ASSIGNED TASK — Every line from the first one in the listing down to the line with "Proof. by move=> hu;" should be restated word for word.

=-=-=

Lemma dotv_self_eq0 u : (dotv u u == 0) = (u == 0).
Proof.
apply/eqP/eqP => [h|->]; last by rewrite /dotv big1 // => i _; rewrite mxE mul0r.
apply/rowP => i; rewrite mxE.
have hge0 (l : 'I_n) : xpredT l -> 0 <= u 0 l * u 0 l by rewrite -expr2 sqr_ge0.
have /eqP := psumr_eq0P hge0 h (i := i) isT.
by rewrite mulf_eq0 orbb => /eqP.
Qed.

Definition orthproj u : 'M[R]_n := 1%:M - (dotv u u)^-1 *: (u^T *m u).

Lemma orthproj_tr u : (orthproj u)^T = orthproj u.
Proof. by rewrite /orthproj linearB /= linearZ /= trmx1 trmx_mul trmxK. Qed.

Lemma mapply_orthproj u v :
  mapply (orthproj u) v = v - (dotv v u / dotv u u) *: u.
Proof.
rewrite /mapply orthproj_tr /orthproj mulmxBr mulmx1 -scalemxAr mulmxA.
by rewrite mul_tr_dotv mul_scalar_mx scalerA mulrC.
Qed.

Lemma orthproj_kills u : dotv u u != 0 -> mapply (orthproj u) u = 0.
Proof. by move=> hu; rewrite mapply_orthproj divff // scale1r subrr. Qed.

Section OrthogonalFamily.
Variable u : nat -> 'rV[R]_n.
Hypothesis u_nz : forall i, (i < n)%N -> dotv (u i) (u i) != 0.
Hypothesis u_orth :
  forall i j, (i < n)%N -> (j < n)%N -> i != j -> dotv (u i) (u j) = 0.

(* n nonzero pairwise orthogonal vectors form an orthogonal basis of R^n: the
   Gram matrix U U^T is diagonal and invertible, so U is invertible and a
   vector orthogonal to every u_i vanishes. *)
Lemma orth_expansion v :
  v = \sum_(i < n) (dotv v (u i) / dotv (u i) (u i)) *: u i.
Proof.
apply/eqP; rewrite -subr_eq0; apply/eqP.
set r := v - _.
have r_orth (j : 'I_n) : dotv (u j) r = 0.
  rewrite dotvC dotvBl dotv_suml (bigD1 j) //= big1 ?addr0.
    by rewrite dotvZl mulfVK ?subrr // u_nz.
  by move=> i hij; rewrite dotvZl (@u_orth i j) ?mulr0.
pose U : 'M[R]_n := \matrix_(i < n, l < n) u i 0 l.
have hUr : U *m r^T = 0.
  apply/matrixP => i k; rewrite mxE [RHS]mxE.
  transitivity (dotv (u i) r); last exact: r_orth.
  by apply: eq_bigr => l _; rewrite !mxE (ord1 k).
have gram : U *m U^T = diag_mx (\row_i dotv (u i) (u i)).
  apply/matrixP => i j; rewrite !mxE.
  have -> : \sum_l U i l * U^T l j = dotv (u i) (u j).
    by apply: eq_bigr => l _; rewrite !mxE.
  have [->|hij] := eqVneq i j; first by rewrite mulr1n.
  by rewrite mulr0n u_orth //; apply: contra hij => /eqP h; apply/eqP/val_inj.
have hU : U \in unitmx.
  have : \det (U *m U^T) != 0.
    by rewrite gram det_diag; apply/prodf_neq0 => i _; rewrite mxE u_nz.
  by rewrite unitmxE unitfE det_mulmx det_tr mulf_eq0 negb_or => /andP [].
have : r^T = 0 by rewrite -(mulKmx hU r^T) hUr mulmx0.
by move/(congr1 trmx); rewrite trmxK trmx0.
Qed.

Fixpoint prodproj (m : nat) : 'M[R]_n :=
  if m is m'.+1 then prodproj m' *m orthproj (u m') else 1%:M.

Lemma mapply_prodproj m v : (m <= n)%N ->
  mapply (prodproj m) v = v - \sum_(i < m) (dotv v (u i) / dotv (u i) (u i)) *: u i.
Proof.
elim: m v => [|m IH] v hm /=; first by rewrite big_ord0 subr0 mapply1.
rewrite mapplyM IH ?(ltnW hm) // mapply_orthproj big_ord_recr /=.
have -> : \sum_(i < m) (dotv (v - (dotv v (u m) / dotv (u m) (u m)) *: u m) (u i)
            / dotv (u i) (u i)) *: u i =
          \sum_(i < m) (dotv v (u i) / dotv (u i) (u i)) *: u i.
  apply: eq_bigr => i _; rewrite dotvBl dotvZl (@u_orth m i) ?mulr0 ?subr0 //.
    exact: ltn_trans (ltn_ord i) hm.
  by rewrite neq_ltn ltn_ord orbT.
by rewrite opprD addrA addrAC.
Qed.

Lemma prodproj_full v : mapply (prodproj n) v = 0.
Proof. by rewrite mapply_prodproj // -orth_expansion subrr. Qed.

End OrthogonalFamily.
End Vectors.

Section Tensors.
Context {R : realType} {n p : nat}.
Implicit Types (T A B H D : tensor R n p) (M : 'M[R]_n) (u : 'rV[R]_n)
  (idx : {ffun 'I_p -> 'I_n}) (v w : 'I_p -> 'rV[R]_n).

Definition tadd A B : tensor R n p := [ffun idx => A idx + B idx].

Definition tdot A B : R := \sum_idx A idx * B idx.

Lemma teval_ext T v w : (forall k, v k = w k) -> teval T v = teval T w.
Proof.
by move=> h; apply: eq_bigr => idx _; congr (_ * _); apply: eq_bigr => k _; rewrite h.
Qed.

Lemma teval_tsub A B v : teval (tsub A B) v = teval A v - teval B v.
Proof. by rewrite /teval -sumrB; apply: eq_bigr => idx _; rewrite ffunE mulrBl. Qed.

Lemma teval_tadd A B v : teval (tadd A B) v = teval A v + teval B v.
Proof. by rewrite /teval -big_split; apply: eq_bigr => idx _; rewrite ffunE mulrDl. Qed.

Lemma teval_zero_slot T v (k0 : 'I_p) : v k0 = 0 -> teval T v = 0.
Proof.
move=> h; rewrite /teval big1 // => idx _.
by rewrite (bigD1 k0) //= h mxE mul0r mulr0.
Qed.

Lemma teval_slot T (m : 'I_p) w (c : R) (a b : 'rV[R]_n) :
  teval T (fun k => if k == m then c *: a + b else w k) =
  c * teval T (fun k => if k == m then a else w k) +
  teval T (fun k => if k == m then b else w k).
Proof.
rewrite /teval mulr_sumr -big_split; apply: eq_bigr => idx _.
have others (z : 'rV[R]_n) :
    \prod_(k | k != m) (if k == m then z else w k) 0 (idx k) =
    \prod_(k | k != m) w k 0 (idx k).
  by apply: eq_bigr => k /negbTE ->.
rewrite (bigD1 m) //= [X in _ = _ * (_ * X) + _](bigD1 m) //=.
rewrite [X in _ = _ + _ * X](bigD1 m) //= !eqxx !others !mxE; ring.
Qed.

Lemma teval_evec T (idx : {ffun 'I_p -> 'I_n}) :
  teval T (fun k => evec (idx k)) = T idx.
Proof.
rewrite /teval (bigD1 idx) //= big1 ?mulr1; last by move=> k _; rewrite mxE eqxx.
rewrite big1 ?addr0 // => jdx hj.
have [k hk] : exists k, jdx k != idx k.
  apply/existsP; apply: contraNT hj => /existsPn h.
  by apply/eqP/ffunP => k; apply/eqP; have := h k; rewrite negbK.
by rewrite (bigD1 k) //= mxE (negbTE hk) mul0r mulr0.
Qed.

Lemma teval_ttrans T M v : teval (ttrans T M) v = teval T (fun k => mapply M (v k)).
Proof.
rewrite /teval.
under eq_bigr do rewrite ffunE /teval mulr_suml.
rewrite exchange_big /=; apply: eq_bigr => jdx _.
under eq_bigr do rewrite -mulrA.
rewrite -mulr_sumr; congr (_ * _).
transitivity (\prod_(k < p) \sum_(i < n) M (jdx k) i * v k 0 i); last first.
  by apply: eq_bigr => k _; rewrite mapplyE.
rewrite bigA_distr_bigA /=; apply: eq_bigr => idx _.
by rewrite -big_split /=; apply: eq_bigr => k _; rewrite mapply_evec.
Qed.

Lemma ttrans1 T : ttrans T 1%:M = T.
Proof.
apply/ffunP => idx; rewrite ffunE -teval_evec; apply: teval_ext => k.
by rewrite mapply1.
Qed.

Lemma ttrans_comp T (A B : 'M[R]_n) : ttrans (ttrans T A) B = ttrans T (A *m B).
Proof.
apply/ffunP => idx; rewrite !ffunE teval_ttrans; apply: teval_ext => k.
by rewrite mapplyM.
Qed.

Lemma ttrans_tsub A B M : ttrans (tsub A B) M = tsub (ttrans A M) (ttrans B M).
Proof. by apply/ffunP => idx; rewrite !ffunE teval_tsub. Qed.

Lemma ttrans_annihilated T M idx :
  (0 < p)%N -> (forall y : 'rV[R]_n, mapply M y = 0) -> ttrans T M idx = 0.
Proof. by move=> p0 hM; rewrite ffunE (@teval_zero_slot _ _ (Ordinal p0)). Qed.

Lemma tfix1_ttrans T M u v :
  tfix1 (ttrans T M) u v = tfix1 T (mapply M u) (fun k => mapply M (v k)).
Proof. by rewrite /tfix1 teval_ttrans; apply: teval_ext => k; case: ifP. Qed.

Lemma tfix1_tsub A B u v : tfix1 (tsub A B) u v = tfix1 A u v - tfix1 B u v.
Proof. exact: teval_tsub. Qed.

Lemma tfix1_0 T v : (0 < p)%N -> tfix1 T 0 v = 0.
Proof. by move=> p0; apply: (@teval_zero_slot _ _ (Ordinal p0)). Qed.

Lemma teval_perm T (s : 'S_p) v : tsym T -> teval T (fun k => v (s k)) = teval T v.
Proof.
move=> hT; rewrite /teval.
have hinj : injective (fun jdx : {ffun 'I_p -> 'I_n} => [ffun k => jdx (s k)]).
  move=> a b /ffunP h; apply/ffunP => k.
  by have := h (s^-1 k)%g; rewrite !ffunE permKV.
rewrite (reindex_inj hinj) /=; apply: eq_bigr => jdx _.
rewrite hT; congr (_ * _).
rewrite (reindex_inj (@perm_inj _ s^-1)) /=; apply: eq_bigr => k _.
by rewrite ffunE !permKV.
Qed.

Lemma tsym_ttrans T M : tsym T -> tsym (ttrans T M).
Proof.
move=> hT s idx; rewrite !ffunE -(teval_perm _ s (fun k => mapply M (evec (idx k))) hT).
by apply: teval_ext => k; rewrite ffunE.
Qed.

Lemma tsym_tsub A B : tsym A -> tsym B -> tsym (tsub A B).
Proof. by move=> hA hB s idx; rewrite !ffunE hA hB. Qed.

Lemma tsym_tadd A B : tsym A -> tsym B -> tsym (tadd A B).
Proof. by move=> hA hB s idx; rewrite !ffunE hA hB. Qed.

Lemma tdotC A B : tdot A B = tdot B A.
Proof. by apply: eq_bigr => idx _; rewrite mulrC. Qed.

Lemma tdotBr H A B : tdot H (tsub A B) = tdot H A - tdot H B.
Proof. by rewrite /tdot -sumrB; apply: eq_bigr => idx _; rewrite ffunE mulrBr. Qed.

Lemma tdot_ttrans T A M : tdot (ttrans T M) A = tdot T (ttrans A M^T).
Proof.
rewrite /tdot.
under eq_bigr do rewrite ffunE /teval mulr_suml.
rewrite exchange_big /=.
under [RHS]eq_bigr => jdx _ do rewrite ffunE /teval mulr_sumr.
apply: eq_big => // jdx _; apply: eq_big => // idx _.
rewrite -mulrA; congr (_ * _); rewrite mulrC; congr (_ * _).
by apply: eq_bigr => k _; rewrite !mapply_evec mxE.
Qed.

Lemma frob_orth_eq0 H D :
  tdot H D = 0 -> frob (tadd H D) <= frob D -> forall idx, H idx = 0.
Proof.
move=> hHD; rewrite /frob ler_sqrt; last by apply: sumr_ge0 => idx _; exact: sqr_ge0.
have -> : \sum_idx tadd H D idx ^+ 2 =
          \sum_idx H idx ^+ 2 + \sum_idx D idx ^+ 2 + tdot H D *+ 2.
  rewrite /tdot -sumrMnl -!big_split; apply: eq_bigr => idx _ /=; rewrite ffunE; ring.
rewrite hHD mul0rn addr0 gerDr => hle.
have hH0 : \sum_idx H idx ^+ 2 = 0.
  by apply/eqP; rewrite eq_le hle; apply: sumr_ge0 => idx _; exact: sqr_ge0.
move=> idx; have /eqP := psumr_eq0P (fun i _ => sqr_ge0 (H i)) hH0 (i := idx) isT.
by rewrite sqrf_eq0 => /eqP.
Qed.

Lemma teval_vanish H u (m : 'I_p) w :
  tsym H -> (forall v, tfix1 H u v = 0) ->
  teval H (fun k => if k == m then u else w k) = 0.
Proof.
move=> hs hu.
have p0 : (0 < p)%N by apply: leq_ltn_trans (ltn_ord m).
pose o0 : 'I_p := Ordinal p0.
rewrite -(teval_perm _ (tperm o0 m) _ hs).
rewrite -(hu (fun k => if tperm o0 m k == m then u else w (tperm o0 m k))).
apply: teval_ext => k; symmetry; case: ifP => [/eqP hk|//].
have -> : k = o0 by apply: val_inj.
by rewrite tpermL eqxx.
Qed.

(* Such a tensor is invariant under the projector Q_u: each argument changes
   by a multiple of u, which contributes nothing. *)
Lemma ttrans_orthproj H u :
  tsym H -> (forall v, tfix1 H u v = 0) -> dotv u u != 0 ->
  ttrans H (orthproj u) = H.
Proof.
move=> hs hu hd.
suff hm m v : teval H (fun k => if (k < m)%N then mapply (orthproj u) (v k) else v k)
              = teval H v.
  apply/ffunP => idx; rewrite ffunE -[RHS]teval_evec -(hm p (fun k => evec (idx k))).
  by apply: teval_ext => k; rewrite ltn_ord.
elim: m => [|m IH]; first by apply: teval_ext.
have [hmp|hpm] := ltnP m p; last first.
  rewrite -IH; apply: teval_ext => k.
  by rewrite ltnS (leq_trans (ltnW (ltn_ord k)) hpm) (leq_trans (ltn_ord k) hpm).
pose mo : 'I_p := Ordinal hmp.
pose w (k : 'I_p) := if (k < m)%N then mapply (orthproj u) (v k) else v k.
pose c := dotv (v mo) u / dotv u u.
transitivity (teval H (fun k => if k == mo then (- c) *: u + v mo else w k)).
  apply: teval_ext => k; rewrite /w.
  have [->|hk] := eqVneq k mo; first by rewrite /= ltnSn mapply_orthproj scaleNr addrC.
  rewrite ltnS leq_eqVlt; suff -> : (val k == m) = false by [].
  by apply/negbTE; apply: contra hk => /eqP hk'; apply/eqP/val_inj.
rewrite teval_slot teval_vanish // mulr0 add0r -IH; apply: teval_ext => k.
by have [->|//] := eqVneq k mo; rewrite /w /= ltnn.
Qed.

=-=-=

EXERCISE SOLUTION —
Lemma dotv_self_eq0 u : (dotv u u == 0) = (u == 0).
Proof.
apply/eqP/eqP => [h|->]; last by rewrite /dotv big1 // => i _; rewrite mxE mul0r.
apply/rowP => i; rewrite mxE.
have hge0 (l : 'I_n) : xpredT l -> 0 <= u 0 l * u 0 l by rewrite -expr2 sqr_ge0.
have /eqP := psumr_eq0P hge0 h (i := i) isT.
by rewrite mulf_eq0 orbb => /eqP.
Qed.

Definition orthproj u : 'M[R]_n := 1%:M - (dotv u u)^-1 *: (u^T *m u).

Lemma orthproj_tr u : (orthproj u)^T = orthproj u.
Proof. by rewrite /orthproj linearB /= linearZ /= trmx1 trmx_mul trmxK. Qed.

Lemma mapply_orthproj u v :
  mapply (orthproj u) v = v - (dotv v u / dotv u u) *: u.
Proof.
rewrite /mapply orthproj_tr /orthproj mulmxBr mulmx1 -scalemxAr mulmxA.
by rewrite mul_tr_dotv mul_scalar_mx scalerA mulrC.
Qed.

Lemma orthproj_kills u : dotv u u != 0 -> mapply (orthproj u) u = 0.
Proof. by move=> hu; rewrite mapply_orthproj divff // scale1r subrr. Qed.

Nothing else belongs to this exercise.